Deux mois après (30 novembre 1790) fut lu le rapport accompagné du tarif qu'avait rédigé Goudard; il avait été préparé par trois membres du comité, qui étaient eux-mêmes industriels et appartenaient au parti protectionniste. « Votre comité, disait Goudard, a eu une grande question à examiner: celle de savoir si l'on devait prononcer la liberté indéfinie. L'intérêt des fabriques et celui des finances l'ont décidé pour une conservation de droits à l'entrée et à la sortie... La discussion que vous allez ouvrir est importante. Vous aurez à vous défendre vous-mêmes de cet enthousiasme qui pourrait vous conduire au delà de ce que vous devez.
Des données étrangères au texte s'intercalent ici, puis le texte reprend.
(* Let $d\ge1$ and $q\ge2$ even. There is no function $G:[0,\infty)\to\mathbb{R}$ satisfying $B_{d,0}(G)=b_d^{-1}$, $B_{d,i}(G)=0$ for $i\in\{2,4,\ldots,q-2\}$, $B_{d,q}(G)\neq0$, that minimizes $B_{d,q}(G)^{2(d+2)}\cdot V_{d,1}(G)^{2q}$ among all functions satisfying these moment conditions; i.e., this minimization problem has no solution.
   Context: For $G:[0,\infty)\to\mathbb{R}$: $B_{d,i}(G)=\int_0^\infty x^{d-1+i}G(x)\,dx$, $V_{d,1}(G)=\int_0^\infty x^{d-1}\{G^{(1)}(x)\}^2dx$, and $b_d=2\pi^{d/2}/\Gamma(d/2)$. *)

From Stdlib Require Import Reals Lra Lia.
From Coquelicot Require Import Coquelicot.
Open Scope R_scope.

Definition int0inf (f : R -> R) : R :=
  RInt_gen f (at_right 0) (Rbar_locally p_infty).

Definition ex_int0inf (f : R -> R) : Prop :=
  ex_RInt_gen f (at_right 0) (Rbar_locally p_infty).

Definition Bmom (d i : nat) (G : R -> R) : R :=
  int0inf (fun x => x ^ (d - 1 + i) * G x).

Definition V1 (d : nat) (G : R -> R) : R :=
  int0inf (fun x => x ^ (d - 1) * (Derive G x) ^ 2).

(* b_d = 2 pi^{d/2} / Gamma(d/2), the surface area of the unit sphere in R^d,
   computed via b_1 = 2, b_2 = 2 pi, b_{d+2} = (2 pi / d) b_d
   (equivalent to the Gamma formula since Gamma(s+1) = s Gamma(s)). *)
Fixpoint bsurf (d : nat) : R :=
  match d with
  | O => 0 (* unused: d >= 1 *)
  | S O => 2
  | S (S O as d1) => 2 * PI
  | S (S d' as d1) => 2 * PI / INR d' * bsurf d'
  end.

Definition admissible (d q : nat) (G : R -> R) : Prop :=
  (forall x, 0 < x -> ex_derive G x) /\
  (forall i, (i <= q)%nat -> Nat.Even i -> ex_int0inf (fun x => x ^ (d - 1 + i) * G x)) /\
  ex_int0inf (fun x => x ^ (d - 1) * (Derive G x) ^ 2) /\
  Bmom d 0 G = / bsurf d /\
  (forall i, (2 <= i <= q - 2)%nat -> Nat.Even i -> Bmom d i G = 0) /\
  Bmom d q G <> 0.

Definition objective (d q : nat) (G : R -> R) : R :=
  Bmom d q G ^ (2 * (d + 2)) * V1 d G ^ (2 * q).

(* An admissible G has a positive objective, yet admissible functions make the objective
   arbitrarily small, so no minimiser exists.

   Positivity: if V_{d,1}(G) = 0, then G is constant on (0, +oo). G' need not be integrable,
   but on a fine uniform partition of [x, y] tagged with mean-value points, the discrete
   Cauchy-Schwarz inequality bounds (G y - G x)^2 by (y - x) times a Riemann sum of G'^2, which
   is as small as we like. The integral B_{d,q}(G) of c x^(d-1+q) then converges only if
   c = 0, contradicting B_{d,q}(G) <> 0.

   Infimum 0: orthogonalising C^1 bumps against the even monomials gives compactly supported
   C^1 functions u_0, ..., u_N (q = 2N) with B_{d,2j}(u_k) = [k = j]. For s <> 0 the function
   u_0 / b_d + s u_N is admissible with B_{d,q} = s, and its V_{d,1} stays bounded for |s| <= 1,
   so its objective is O(s^(2(d+2))). *)

From Stdlib Require Import Reals Lra Lia Arith FunctionalExtensionality ClassicalEpsilon Classical.
From Coquelicot Require Import Coquelicot.
Open Scope R_scope.

(** * Improper integrals over (0, +oo) *)

Notation is_int0inf f l := (is_RInt_gen f (at_right 0) (Rbar_locally p_infty) l).

Lemma int0inf_correct f : ex_int0inf f -> is_int0inf f (int0inf f).
Proof. exact (RInt_gen_correct (V := R_CompleteNormedModule) f). Qed.

Lemma int0inf_unique f l : is_int0inf f l -> int0inf f = l.
Proof. exact (is_RInt_gen_unique f l). Qed.

Lemma int0inf_ext f g : (forall x, f x = g x) -> int0inf f = int0inf g.
Proof. intros Hfg. f_equal. now apply functional_extensionality. Qed.

Lemma is_int0inf_approx f l : is_int0inf f l ->
  forall eps c e, 0 < eps -> 0 < c ->
  exists a b y, 0 < a < c /\ e < b /\ is_RInt f a b y /\ Rabs (y - l) < eps.
Proof.
  intros Hl eps c e Heps Hc.
  destruct (Hl (ball l (mkposreal eps Heps))) as [Q P [dl Hdl] [M HM] HQP].
  { now exists (mkposreal eps Heps). }
  set (a := Rmin c dl / 2).
  assert (Hcdl : 0 < Rmin c dl) by (apply Rmin_glb_lt; [lra | apply cond_pos]).
  assert (Hac : a < c) by (pose proof (Rmin_l c dl); unfold a; lra).
  assert (Qa : Q a).
  { apply Hdl; [| unfold a; lra].
    change (Rabs (a - 0) < dl). rewrite Rminus_0_r, Rabs_pos_eq by (unfold a; lra).
    pose proof (Rmin_r c dl). unfold a; lra. }
  assert (Pb : P (Rmax e M + 1)) by (apply HM; pose proof (Rmax_r e M); lra).
  destruct (HQP a _ Qa Pb) as [y [Hy Hyl]].
  exists a, (Rmax e M + 1), y. repeat split; try (unfold a; lra); auto.
  pose proof (Rmax_l e M); lra.
Qed.
Definition nact (A : finType) (s : nat) (w : outcome A s) (n : nat) (u : A) : nat :=
  #|[set i : 'I_s | (i < n)%N && w (i, u)]|.

Definition Un (A : finType) (s : nat) (w : outcome A s) (n : nat) (u : A) : bool :=
  nact w n u == 1%N.

Definition Rhat (A : finType) (s : nat) (w : outcome A s) (n : nat) : R :=
  (INR #|[set u : A | Un w n u]| / INR n).

Definition lam (A : finType) (p : A -> R) : R := \big[Rplus/0]_(u : A) p u.

From Stdlib Require Import Reals Lra.
From Coquelicot Require Import Coquelicot.
From mathcomp Require Import all_boot.
From mathcomp Require Import Rstruct.
Set Implicit Arguments. Unset Strict Implicit. Unset Printing Implicit Defensive.
Local Open Scope R_scope.

(* Write R̂_{s-1} - R̂_s = Σ_u Z_u, where Z_u = U_{s-1}(u)/(s-1) - U_s(u)/s only
   depends on the activations of node u, so that the Z_u are independent.  Each
   Z_u is at most 1/(s-1), has mean p²(1-p)^{s-2} <= p/(e(s-2)), and satisfies
   Z_u² <= N_u/(s(s-1)) where N_u is the number of activations of u, whose mean
   is s p.  The Chernoff argument with Bernstein's bound
   e^y <= 1 + y + y²/(2(1-y/3)) (y < 3) then yields the Bernstein tail with mean
   bound λ/(e(s-2)), variance proxy λ/(s-1) and range 1/(s-1).  If λ = 0, no node
   is ever activated and the event has probability 0. *)

Section RealBigOps.

Variables (I : finType) (P : pred I).

Lemma Rsum_le (F G : I -> R) :
  (forall i, P i -> F i <= G i) ->
  \big[Rplus/0]_(i | P i) F i <= \big[Rplus/0]_(i | P i) G i.
Proof. by move=> FG; apply: (big_ind2 (fun x y => x <= y)) => // *; lra. Qed.

Lemma Rsum_sub (F G : I -> R) :
  \big[Rplus/0]_(i | P i) (F i - G i) =
  \big[Rplus/0]_(i | P i) F i - \big[Rplus/0]_(i | P i) G i.
Proof.
rewrite /Rminus big_split /=; congr (_ + _).
by symmetry; apply: (big_morph Ropp) => [x y|]; [exact: Ropp_plus_distr | exact: Ropp_0].
Qed.

Lemma Rsum_ge0 (F : I -> R) :
  (forall i, P i -> 0 <= F i) -> 0 <= \big[Rplus/0]_(i | P i) F i.
Proof. by move=> F0; apply: (big_ind (fun x => 0 <= x)) => // *; lra. Qed.

Lemma Rprod_ge0 (F : I -> R) :
  (forall i, P i -> 0 <= F i) -> 0 <= \big[Rmult/1]_(i | P i) F i.
Proof. by move=> F0; apply: (big_ind (fun x => 0 <= x)) => // *; [lra | nra]. Qed.
(* Let $k>l\ge0$ be integers, $\xi\in\mathbb{C}$, $f:\mathbb{N}\to[0,\infty)$, and $A=\xi(a^\dagger)^ka^l+\xi^*(a^\dagger)^la^k+f(a^\dagger a)$ with domain $\mathcal{D}_0$. Assume there exist $\kappa>2$ and $N\in\mathbb{N}$ such that $f(n)\ge\kappa|\xi|n^{(k+l)/2}$ for all $n\ge N$. Then $A$ is essentially self-adjoint and bounded from below.
   Context: $\mathbb{N}=\{0,1,2,\dots\}$. $\mathcal{H}$ is a separable complex Hilbert space with orthonormal basis $(\phi_n)_{n\in\mathbb{N}}$; $\mathcal{D}_0$ is the set of finite linear combinations of the $\phi_n$. The operators $a,a^\dagger$ have domain $\mathcal{D}_0$ and act by $a\phi_n=\sqrt{n}\,\phi_{n-1}$ ($a\phi_0=0$), $a^\dagger\phi_n=\sqrt{n+1}\,\phi_{n+1}$, extended linearly. $f(a^\dagger a)$ has domain $\mathcal{D}_0$ and $f(a^\dagger a)\phi_n=f(n)\phi_n$. *)

From Stdlib Require Import Reals.
From Coquelicot Require Import Coquelicot.
Open Scope R_scope.

(* Concrete model of H: l^2(N, C), with phi_n the n-th unit sequence.
   Vectors are represented by their coordinate sequences. *)
Definition seqC := nat -> C.

Definition l2 (x : seqC) : Prop := ex_series (fun n => Cmod (x n) ^ 2).
Definition nrm2 (x : seqC) : R := Series (fun n => Cmod (x n) ^ 2).
Definition seq_sub (x y : seqC) : seqC := fun n => Cminus (x n) (y n).

(* inner product, antilinear in the first argument *)
Definition inner (x y : seqC) : C :=
  (Series (fun n => Re (Cmult (Cconj (x n)) (y n))),
   Series (fun n => Im (Cmult (Cconj (x n)) (y n)))).

(* D_0: finite linear combinations of the phi_n = finitely supported sequences *)
Definition D0 (x : seqC) : Prop :=
  exists N : nat, forall n : nat, (N <= n)%nat -> x n = RtoC 0.

(* annihilation a phi_n = sqrt n phi_{n-1}, in coordinates *)
Definition ann (x : seqC) : seqC :=
  fun n => Cmult (RtoC (sqrt (INR (S n)))) (x (S n)).
(* creation a^dag phi_n = sqrt (n+1) phi_{n+1}, in coordinates *)
Definition cre (x : seqC) : seqC :=
  fun n => match n with
           | O => RtoC 0
           | S m => Cmult (RtoC (sqrt (INR (S m)))) (x m)
           end.

Definition op_A (k l : nat) (xi : C) (f : nat -> R) (x : seqC) : seqC :=
  fun n => Cplus (Cplus (Cmult xi (Nat.iter k cre (Nat.iter l ann x) n))
                        (Cmult (Cconj xi) (Nat.iter l cre (Nat.iter k ann x) n)))
                 (Cmult (RtoC (f n)) (x n)).

(* Operators are handled through their graphs (relations on l^2). *)
Definition graph := seqC -> seqC -> Prop.

Definition graph_D0 (T : seqC -> seqC) : graph := fun x y => D0 x /\ y = T x.

Definition closure (G : graph) : graph := fun x y =>
  l2 x /\ l2 y /\
  forall eps : R, 0 < eps -> exists x' y', G x' y' /\
      nrm2 (seq_sub x x') < eps /\ nrm2 (seq_sub y y') < eps.

Definition adjoint (G : graph) : graph := fun y z =>
  l2 y /\ l2 z /\ forall x w, G x w -> inner w y = inner x z.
Songez que, si philosophiquement vous pouvez jeter les fondements de la législation de tous les peuples, commercialement vous avez avant tout à considérer l'intérêt national... Moi aussi, je viens vous demander la liberté ; elle est la devise du commerce et de toute industrie, mais elle est incomplète sans la protection et la sûreté... Je vous demande d'accorder au commerce la liberté d'exister. La protection et la sûreté que vous lui devez ne peuvent se trouver, dans le système actuel de l'Europe commerçante, que par une combinaison de droits à l'entrée et à la sortie qui attire tout ce qui doit favoriser l'industrie nationale et porte votre exportation au dernier terme possible... >> «Les droits, ajoutait-il, servent à la sûreté des spéculations, parce qu'ils garantissent les manufactures qu'il ne sera rien introduit qui puisse soutenir la concurrence avec les productions nationales, sans laisser à celle-ci tout l'avantage 2. » Le rapporteur ajoutait encore : « Mais quelque favorable à l'industrie nationale que doive être le tarif que nous vous proposons, c'est au patriotisme qu'il appartient de rendre à nos manufactures leur activité et leur splendeur. Une révolution va s'opérer dans les modes comme dans les mœurs. Les Français ont une patrie, les Françaises n'emprunteront plus de parure étrangère; celle qui leur plaira le plus sera celle qui, formée par l'industrie nationale, les associera à la prospérité de la nation et les rendra bienfaitrices de l'indigence qui a si longtemps gémi d'un goût aussi frivole qu'impolitique. L'habit français doit être fait par des mains françaises; on ne se pré

1. Goudard, fabricant de soieries à Lyon; de Fontenay, armateur et fabricant de tissus à Rouen; Roussillon, négociant à Toulouse,

2. Voir Etablissement du premier tarif général des douanes, 1787-1791, par le comte de Butenval (1876).